In this paper, we propose a novel method for speaker adaptation in lip reading, motivated by two observations. Firstly, a speaker's own characteristics can always be portrayed well by his/her few facial images or even a single image with shallow networks, while the fine-grained dynamic features associated with speech content expressed by the talking face always need deep sequential networks to represent accurately. Therefore, we treat the shallow and deep layers differently for speaker adaptive lip reading. Secondly, we observe that a speaker's unique characteristics ( e.g. prominent oral cavity and mandible) have varied effects on lip reading performance for different words and pronunciations, necessitating adaptive enhancement or suppression of the features for robust lip reading. Based on these two observations, we propose to take advantage of the speaker's own characteristics to automatically learn separable hidden unit contributions with different targets for shallow layers and deep layers respectively. For shallow layers where features related to the speaker's characteristics are stronger than the speech content related features, we introduce speaker-adaptive features to learn for enhancing the speech content features. For deep layers where both the speaker's features and the speech content features are all expressed well, we introduce the speaker-adaptive features to learn for suppressing the speech content irrelevant noise for robust lip reading. Our approach consistently outperforms existing methods, as confirmed by comprehensive analysis and comparison across different settings. Besides the evaluation on the popular LRW-ID and GRID datasets, we also release a new dataset for evaluation, CAS-VSR-S68h, to further assess the performance in an extreme setting where just a few speakers are available but the speech content covers a large and diversified range.
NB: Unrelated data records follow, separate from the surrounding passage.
(** * Cardinalities below an uncountable regular [H] *)

Lemma card_le_disjoint_family (T : choiceType) (X : set T) (F : set {fset T}) :
  (forall G, F G -> G != fset0 /\ [set` G] `<=` X) ->
  (forall G1 G2 x, F G1 -> F G2 -> G1 <> G2 -> x \in G1 -> x \in G2 -> False) ->
  F #<= X.
Proof.
move=> FX Fdisj; have [[G0 FG0]|nF] := pselect (exists G, F G); last first.
  have -> : F = set0 by apply/seteqP; split => // G FG; apply: nF; exists G.
  exact: card_ge0.
have [/fset0Pn [x0 _] _] := FX _ FG0.
pose rep (G : {fset T}) := xget x0 (fun x => x \in G).
have repG G : F G -> rep G \in G.
  move=> FG; have [/fset0Pn [g gG] _] := FX _ FG.
  by apply: (@xgetPex _ x0 (fun x => x \in G)); exists g.
have rep_inj : {in F &, injective rep}.
  move=> G1 G2 /set_mem F1 /set_mem F2 e; apply: contrapT => ne.
  by apply: (Fdisj _ _ (rep G1) F1 F2 ne); [exact: repG|rewrite e; exact: repG].
rewrite -(card_le_eql (inj_card_eq rep_inj)); apply: subset_card_le.
by move=> _ [G FG <-]; have [_ GX] := FX _ FG; exact/GX/repG.
Qed.

Lemma delta_system_image (U V : Type) (F : set U) (f : U -> set V) (K : set V) :
  (exists a b, [/\ F a, F b & a <> b]) -> {in F &, injective f} ->
  (forall a b, F a -> F b -> a <> b -> f a `&` f b = K) ->
  delta_system (f @` F) K.
Proof.
move=> [a [b [Fa Fb ab]]] finj fK; split.
  exists (f a), (f b); split; [by exists a|by exists b|].
  by move=> /finj; apply: contra_not ab; apply; exact: mem_set.
by move=> _ _ [a' Fa' <-] [b' Fb' <-] ne; apply: fK => // e; apply: ne; rewrite e.
Qed.

Lemma card_le_injfun (U V : Type) (X : set U) (Y : set V) (y0 : V) : X #<= Y ->
  exists f : U -> V, (forall u, X u -> Y (f u)) /\
    (forall u1 u2, X u1 -> X u2 -> f u1 = f u2 -> u1 = u2).
Proof.
move=> /card_leP /injfunPex [g _ ig].
pose f u := if pselect (X u) is left h then set_val (g (SigSub (mem_set h))) else y0.
exists f; split.
  by move=> u Xu; rewrite /f; case: pselect => // h; exact: set_valP.
move=> u1 u2 X1 X2; rewrite /f; case: pselect => // h1; case: pselect => // h2.
move=> /val_inj /ig => /(_ (mem_set I) (mem_set I)) E.
by have := congr1 set_val E.
Qed.

Section LargeSets.
Variables (T : choiceType) (H : set T).
Hypotheses (uH : uncountable H) (rH : regular_card H).

Local Notation small A := (card_lt A H).

Lemma H_infinite : infinite_set H.
Proof. by move=> /finite_set_countable. Qed.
翻译：本文提出了一种新颖的说话人自适应唇语识别方法，其动机源于两个观察。首先，说话人自身的特征通常可以通过其少量面部图像甚至单张图像结合浅层网络得到良好刻画，而由说话人脸表达的语音内容所对应的细粒度动态特征则需要深层时序网络才能准确表征。因此，我们对说话人自适应唇语识别中的浅层与深层网络采用差异化处理。其次，我们观察到说话人的独特特征（如显著的口腔与下颌形态）对不同词汇及发音的唇语识别性能具有差异化影响，这要求对特征进行自适应的增强或抑制以实现鲁棒的唇语识别。基于这两个观察，我们提出利用说话人自身特征，分别为浅层和深层网络自动学习具有不同目标的可分离隐单元贡献。对于特征中说话人特性强于语音内容的浅层网络，我们引入说话人自适应特征以增强语音内容特征；而对于说话人特征与语音内容特征均能良好表达的深层网络，我们则通过说话人自适应特征抑制与语音内容无关的噪声，从而实现鲁棒唇语识别。通过不同设置下的全面分析与对比，我们的方法持续优于现有方法。除在主流LRW-ID与GRID数据集上进行评估外，我们还发布了新数据集CAS-VSR-S68h，用于评估在仅含少量说话人但语音内容覆盖大范围多样化的极端场景下的性能。